Avi Kivity April 20, 2011, 9:02 a.m. UTC | #6

On 04/18/2011 09:38 PM, Takuya Yoshikawa wrote:
> From: Takuya Yoshikawa<yoshikawa.takuya@oss.ntt.co.jp>
>
> We optimize multi level guest page table walk as follows:
>
>    1. We cache the memslot which, probably, includes the next guest page
>       tables to avoid searching for it many times.
>    2. We use get_user() instead of copy_from_user().
>
> Note that this is kind of a restricted way of Xiao's more generic
> work: "KVM: optimize memslots searching and cache GPN to GFN."

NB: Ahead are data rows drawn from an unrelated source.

Lemma A_mat_same_repetitions : same_repetitions (A_mat alpha) (farey_seq alpha).
Proof.
  intros j m Hj Hm; rewrite !A_mat_of_inv with (I := farey_seq alpha _) by (apply farey_seq_inv; auto).
  split; [apply (sort_by_xi_farey_inj alpha j m); apply farey_seq_inv; auto | now intros ->].
Qed.

Lemma H_pair_same_repetitions : same_repetitions (H_pair alpha) (farey_seq alpha).
Proof.
  intros j m Hj Hm; rewrite !H_pair_of_inv with (I := farey_seq alpha _) by (apply farey_seq_inv; auto).
  split; [apply (endpoints_farey_inj alpha j m); apply farey_seq_inv; auto | now intros ->].
Qed.

End Irrational.

Theorem theorem1 (alpha : R) (Halpha : 0 < alpha < 1)
  (Hirr : forall p q : Z, q <> 0%Z -> alpha <> IZR p / IZR q)
  (k : nat) (Hk : (1 <= k)%nat) :
  exists m m' : nat,
    kth_new (A_mat alpha) k m /\ kth_new (H_pair alpha) k m' /\
    exists p q p' q' : Z,
      A_mat alpha m = ((q, (- p)%Z), (q', (- p')%Z)) /\
      (H_pair alpha m' = (IZR p / IZR q, IZR p' / IZR q') \/
       H_pair alpha m' = (IZR p' / IZR q', IZR p / IZR q)).
Proof.
  pose proof (A_mat_same_repetitions alpha Hirr Halpha) as HA.
  pose proof (H_pair_same_repetitions alpha Hirr Halpha) as HH.
  destruct (kth_new_exists _ (farey_seq_new_after alpha Hirr Halpha) k Hk) as [m Hm].
  assert (Hm1 : (1 <= m)%nat) by apply Hm.
  exists m, m.
  split; [now apply (kth_new_transfer _ _ HA) |].
  split; [now apply (kth_new_transfer _ _ HH) |].
  pose proof (farey_seq_inv alpha Hirr Halpha m Hm1) as HI.
  rewrite (A_mat_of_inv alpha Hirr m _ HI), (H_pair_of_inv alpha m _ HI).
  destruct (farey_seq alpha m) as [p1 q1 p2 q2].
  unfold sort_by_xi, left_vec, right_vec, endpoints, vec; cbn [pl ql pr qr].
  destruct Rlt_dec; [exists p1, q1, p2, q2 | exists p2, q2, p1, q1]; split; auto.
Qed.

Good optimization.  copy_from_user() really isn't optimized for short 
buffers, I expect much of the improvement comes from that.

> +/*
> + * Read the guest PTE refered to by table_gfn and offset and put it into ptep.
> + *
> + * *slot_hint, if not NULL, should point to a memslot which probably includes
> + * the guest PTE.  The actual memslot will be put back into this so that
> + * callers can cache it.
> + */

Please drop the slot_hint optimization.  First, it belongs in a separate 
patch.  Second, I prefer to see a generic slot sort instead of an ad-hoc 
cache.

>   static int FNAME(read_guest_pte)(struct kvm_vcpu *vcpu, struct kvm_mmu *mmu,
> -				 gfn_t table_gfn, int offset, pt_element_t *ptep)
> +				 gfn_t table_gfn, int offset, pt_element_t *ptep,
> +				 struct kvm_memory_slot **slot_hint)
>   {
> -	return kvm_read_guest_page_mmu(vcpu, mmu, table_gfn, ptep,
> -				       offset, sizeof(*ptep),
> -				       PFERR_USER_MASK | PFERR_WRITE_MASK);
> +	unsigned long addr;
> +	pt_element_t __user *ptep_user;
> +	gfn_t real_gfn;
> +
> +	real_gfn = mmu->translate_gpa(vcpu, gfn_to_gpa(table_gfn),
> +				      PFERR_USER_MASK | PFERR_WRITE_MASK);
> +	if (real_gfn == UNMAPPED_GVA)
> +		return -EFAULT;
> +
> +	real_gfn = gpa_to_gfn(real_gfn);
> +
> +	if (!(*slot_hint) || !gfn_in_memslot(*slot_hint, real_gfn))
> +		*slot_hint = gfn_to_memslot(vcpu->kvm, real_gfn);
> +
> +	addr = gfn_to_hva_memslot(*slot_hint, real_gfn);
> +	if (kvm_is_error_hva(addr))
> +		return -EFAULT;
> +
> +	ptep_user = (pt_element_t __user *)((void *)addr + offset);
> +	return get_user(*ptep, ptep_user);
>   }
>
>   /*
> @@ -130,6 +155,7 @@ static int FNAME(walk_addr_generic)(struct guest_walker *walker,
>   	gpa_t pte_gpa;
>   	bool eperm, present, rsvd_fault;
>   	int offset, write_fault, user_fault, fetch_fault;
> +	struct kvm_memory_slot *slot_cache = NULL;
>
>   	write_fault = access&  PFERR_WRITE_MASK;
>   	user_fault = access&  PFERR_USER_MASK;
> @@ -168,7 +194,8 @@ walk:
>   		walker->table_gfn[walker->level - 1] = table_gfn;
>   		walker->pte_gpa[walker->level - 1] = pte_gpa;
>
> -		if (FNAME(read_guest_pte)(vcpu, mmu, table_gfn, offset,&pte)) {
> +		if (FNAME(read_guest_pte)(vcpu, mmu, table_gfn,
> +					  offset,&pte,&slot_cache)) {
>   			present = false;
>   			break;
>   		}

Avi Kivity April 20, 2011, 9:09 a.m. UTC | #7

On 04/19/2011 06:47 AM, Takuya Yoshikawa wrote:
> So if certain algorithm seems to be addapted, yes, I will test based
> on that.  IIRC, any practically good algorithm has not been found yet,
> right?

I think a simple sort based on size will provide the same optimization
(just the cache, not get_user()) without any downsides. Most memory in a
guest is usually in just one or two slots, that's the reason for the
high hit rate.

Andi Kleen April 29, 2011, 2:46 a.m. UTC | #8

Avi Kivity <avi@redhat.com> writes:
>
> Good optimization.  copy_from_user() really isn't optimized for short
> buffers, I expect much of the improvement comes from that.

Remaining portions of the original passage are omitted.